Texas attacks women’s health care

On Nov. 1, Texas will launch a new state-funded Women’s Health Program banning any affiliates associated with abortion providers. In the ongoing anti-abortion hysteria, the state is revamping the program to ban Planned Parenthood as a health care provider solely because some of their clinics, which are not even part of the WHP, provide abortion services, and despite the fact that pregnant women do not even qualify for the WHP.

Gov. Rick Perry moved to take state control over the federal Medicaid-waiver program stating that because PP was a provider, the program was part of federal government’s “pro-abortion agenda.”

Texas already faces a dismal health care record with some of the highest rates of sexually transmitted infections in the United States and a large number—34 percent statewide and 66 percent in rural areas—of uninsured women of childbearing age as well as the third-lowest ranking in the country for primary care physicians per 100,000 residents.
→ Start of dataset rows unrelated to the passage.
(* Let $T$ be a tournament and $x\in\mathrm{SA}_1(T)$. If $x_v<3/7$ for all $v\in V(T)$, then $T$ is light.
   Context: A triangle of a tournament $T$ is a set $\{a,b,c\}\subseteq V(T)$ inducing a directed 3-cycle. An unordered pair $ab$ of vertices is a diagonal if there exist vertices $u,v$ with $\{u,v,a\}$ and $\{u,v,b\}$ both triangles. A triangle is heavy if at least two of its three pairs of vertices are diagonals. A tournament is heavy if it has a heavy triangle, and light otherwise. $E(T)$ is the set of unordered pairs of distinct vertices. $\mathrm{SA}_1(T)$ is the set of $x\in\mathbb{R}^{V(T)}$ for which there exists $(x_{ab})_{ab\in E(T)}$ such that: for every triangle $\{a,b,c\}$ (any labelling) and every $d\in V(T)\setminus\{a,b,c\}$, (1) $x_a+x_b+x_c\ge 1+x_{ab}+x_{bc}$, (2) $x_{ad}+x_{bd}+x_{cd}\ge x_d$, (3) $x_a+x_b+x_c+x_d\ge 1+x_{ad}+x_{bd}+x_{cd}$; and for all distinct $a,b$, (4) $1\ge x_a\ge x_{ab}\ge 0$. *)

From mathcomp Require Import all_boot all_order all_algebra.
Set Implicit Arguments. Unset Strict Implicit. Unset Printing Implicit Defensive.
Import Order.TTheory GRing.Theory Num.Theory.
Local Open Scope ring_scope.

Section Tournament.
Variable V : finType.
Variable E : rel V.

Definition is_tournament : Prop :=
  (forall u, ~~ E u u) /\
  (forall u v, u != v -> (E u v || E v u)) /\
  (forall u v, E u v -> ~~ E v u).

Definition is_triangle (a b c : V) : bool :=
  [&& a != b, b != c, a != c &
   (E a b && E b c && E c a) || (E a c && E c b && E b a)].

Definition is_diagonal (a b : V) : Prop :=
  a != b /\ exists u v, is_triangle u v a /\ is_triangle u v b.

Definition is_heavy_triangle (a b c : V) : Prop :=
  is_triangle a b c /\
  ((is_diagonal a b /\ is_diagonal b c) \/
   (is_diagonal b c /\ is_diagonal a c) \/
   (is_diagonal a b /\ is_diagonal a c)).

Definition heavy : Prop := exists a b c, is_heavy_triangle a b c.
Definition light : Prop := ~ heavy.

(* SA_1(T): pair variables x_{ab} are given by a symmetric function y
   (only its values on distinct pairs matter). *)
Definition in_SA1 (R : realFieldType) (x : V -> R) : Prop :=
  exists y : V -> V -> R,
    (forall a b, y a b = y b a) /\
    (forall a b c d, is_triangle a b c -> d != a -> d != b -> d != c ->
       [/\ x a + x b + x c >= 1 + y a b + y b c,
           y a d + y b d + y c d >= x d &
           x a + x b + x c + x d >= 1 + y a d + y b d + y c d]) /\
    (forall a b, a != b -> (1 >= x a) /\ (x a >= y a b) /\ (y a b >= 0)).
End Tournament.

From mathcomp Require Import all_boot all_order all_algebra.
From mathcomp Require Import lra.
Import Order.TTheory GRing.Theory Num.Theory.
Local Open Scope ring_scope.

(* If ab is a diagonal,
   witnessed by triangles {u,v,a} and {u,v,b}, then inequality (2) for the
   triangle {u,v,a} and the outside vertex b, added to inequality (1) for the
   triangle {u,b,v} (with a as the required fourth vertex), gives
   x_u + x_v + y_ab >= 1; since x < 3/7 everywhere, y_ab > 1/7.
   A heavy triangle has two diagonals sharing a vertex, say ab and bc; then
   inequality (1) for {a,b,c} reads x_a + x_b + x_c >= 1 + y_ab + y_bc > 9/7,
   contradicting x_a + x_b + x_c < 9/7.  (The fourth vertex required by (1)
   is provided by a witness of one of the diagonals.)
   The file first records the symmetries of triangles and diagonals, then
   the bound on diagonal pair variables, then rules out a heavy triangle with
   a prescribed shared vertex; the theorem follows by relabelling. *)

Section Triangles.
Context {V : finType} {E : rel V}.

(* Being a triangle does not depend on the labelling: rotations and a
   transposition generate all relabellings.  Both are boolean case checks. *)
Lemma triangle_rot {a b c} : is_triangle E a b c -> is_triangle E b c a.
Proof.
rewrite /is_triangle (eq_sym c a) (eq_sym b a).
by case: (a == b); case: (b == c); case: (a == c);
  case: (E a b); case: (E b c); case: (E c a); case: (E a c); case: (E c b);
  case: (E b a).
Qed.

Lemma triangle_swap {a b c} : is_triangle E a b c -> is_triangle E b a c.
Proof.
rewrite /is_triangle (eq_sym b a).
by case: (a == b); case: (b == c); case: (a == c);
  case: (E a b); case: (E b c); case: (E c a); case: (E a c); case: (E c b);
  case: (E b a).
Qed.

Lemma triangle_neq {a b c} :
  is_triangle E a b c -> [/\ a != b, b != c & a != c].
Proof. by case/and4P. Qed.

Lemma diagonal_sym {a b} : is_diagonal E a b -> is_diagonal E b a.
Proof. by case=> nab [u [v [tua tub]]]; split; [rewrite eq_sym | exists u, v]. Qed.

(* A diagonal ab supplies, for any c, a vertex outside {a, b, c}: one of the
   two distinct witnesses u, v avoids c. *)
Lemma diagonal_fourth_vertex {a b} c :
  is_diagonal E a b -> exists d, [&& d != a, d != b & d != c].
Proof.
case=> _ [u [v [tua tub]]].
have [nuv nva nua] := triangle_neq tua; have [_ nvb nub] := triangle_neq tub.
have [<-|nuc] := eqVneq u c; last by exists u; rewrite nua nub nuc.
by exists v; rewrite (eq_sym v u) nuv nva nvb.
Qed.

End Triangles.

Section SA1Bounds.
Context {V : finType} {E : rel V} {R : realFieldType} {x : V -> R}.
Context {y : V -> V -> R}.
Hypothesis y_sym : forall a b, y a b = y b a.
Hypothesis sa1_triangle : forall a b c d,
  is_triangle E a b c -> d != a -> d != b -> d != c ->
  [/\ x a + x b + x c >= 1 + y a b + y b c,
      y a d + y b d + y c d >= x d &
      x a + x b + x c + x d >= 1 + y a d + y b d + y c d].

(* Key inequality: if {u,v,a} and {u,v,b} are triangles, then
   x_u + x_v + y_ab >= 1.  Sum (2) for {u,v,a} with outside vertex b and
   (1) for {u,b,v} with outside vertex a; x_b and y_ub + y_bv cancel. *)
Lemma diagonal_pair_bound {u v a b} :
  is_triangle E u v a -> is_triangle E u v b -> a != b ->
  1 <= x u + x v + y a b.
Proof.
move=> tua tub nab.
have [nuv nva nua] := triangle_neq tua; have [_ nvb nub] := triangle_neq tub.
have [nbu nbv nba] : [/\ b != u, b != v & b != a] by rewrite !(eq_sym b).
have [nau nav] : a != u /\ a != v by rewrite !(eq_sym a).
have [_ cover_b _] := sa1_triangle _ _ _ _ tua nbu nbv nba.
have [triangle_ubv _ _] :=
  sa1_triangle _ _ _ _ (triangle_rot (triangle_swap tub)) nau nab nav.
rewrite (y_sym b v) in triangle_ubv.
lra.
Qed.

Hypothesis x_small : forall v, x v < 3 / 7.

Lemma diagonal_weight {a b} : is_diagonal E a b -> 1 / 7 < y a b.
Proof.
case=> nab [u [v [tua tub]]].
have := diagonal_pair_bound tua tub nab; have := x_small u; have := x_small v.
lra.
Qed.

(* No triangle abc has both ab and bc as diagonals: inequality (1) would
   force x_a + x_b + x_c > 9/7. *)
Lemma no_diagonal_wedge {a b c} :
  is_triangle E a b c -> is_diagonal E a b -> is_diagonal E b c -> False.
Proof.
move=> tabc dab dbc.
have [d /and3P [nda ndb ndc]] := diagonal_fourth_vertex c dab.
have [triangle_abc _ _] := sa1_triangle _ _ _ _ tabc nda ndb ndc.
have := diagonal_weight dab; have := diagonal_weight dbc.
have := x_small a; have := x_small b; have := x_small c.
lra.
Qed.

End SA1Bounds.

Theorem lemma1 (R : realFieldType) (V : finType) (E : rel V)
  (HT : is_tournament E) (x : V -> R) (Hx : in_SA1 E x)
  (Hsmall : forall v, x v < 3 / 7) :
  light E.
Proof.
case: Hx => y [y_sym [sa1_triangle _]] [a [b [c [tabc diagonals]]]].
have wedge := no_diagonal_wedge y_sym sa1_triangle Hsmall.
case: diagonals => [[dab dbc] | [[dbc dac] | [dab dac]]].
- exact: wedge tabc dab dbc.
- exact: wedge (triangle_rot tabc) dbc (diagonal_sym dac).
- exact: wedge (triangle_swap tabc) (diagonal_sym dab) dac.
Qed.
Health care advocates are concerned that the lack of federal funds supporting the program—as $111 million in funding drops to $37.9 million—will result in less coverage to the over 1 million in need of reproductive health services statewide.

PP clinics provide cancer screenings and other reproductive health services to over half of the 130,000 women who access the WHP statewide. In a hollow reassurance, Texas Health and Human Services Commissioner Kyle Janek is “confident” the state can find providers to replace Planned Parenthood clinics.

“[O]ne Planned Parenthood clinic saw over two and a half times the number of patients that 29 other clinics saw in one year. And that’s just in Austin, where health clinics and doctors are numerous and easily accessible… ” (RH Reality Check).

According to the Austinist.com, “Family planning clinics that still received funding faced budget cuts of up to 75 percent. While 25 family planning clinics closed, many existing clinics are now charging for previously free services, raising prices on some services, and restricting access to more expensive and effective methods of contraception such as intrauterine devices and subdermal implants.… Additionally, the poorest women who cannot pay are now being turned away from well-woman exams and denied birth control pills, while their visits would have previously been covered by public funds.”

In reality, the new WHP means women in Texas will have to jump through even more hoops to access care, and in many rural areas they will have no access due to lack of providers. A George Washington University study shows the lack of access to care under the new plan will result in more unwanted births and more taxpayer-funded Medicaid births, which translates into declining health and increased hardship for women and children.

And it does not end there. The bill ties the legislature’s hands by including what is called a “poison pill.” If judges rule that the exclusion of Planned Parenthood is unconstitutional, then the WHP will be killed instead of being revised leaving many low-income women with no option for women’s health services.Anti-choice advocates show once again that they are only “pro-life” until birth with a total disregard for the quality of life of the mother or the child beyond the womb, as they are the same forces slashing social services for the poor. The current attack on abortion rights is in reality an attack on women’s overall quality of life, driving more women into poverty.

We cannot wait for the politicians to do it for us. It is up to us to make the change that is needed and defend our rights. What is necessary—and what has been the agent of change throughout history—is a mass movement to stand up for our rights.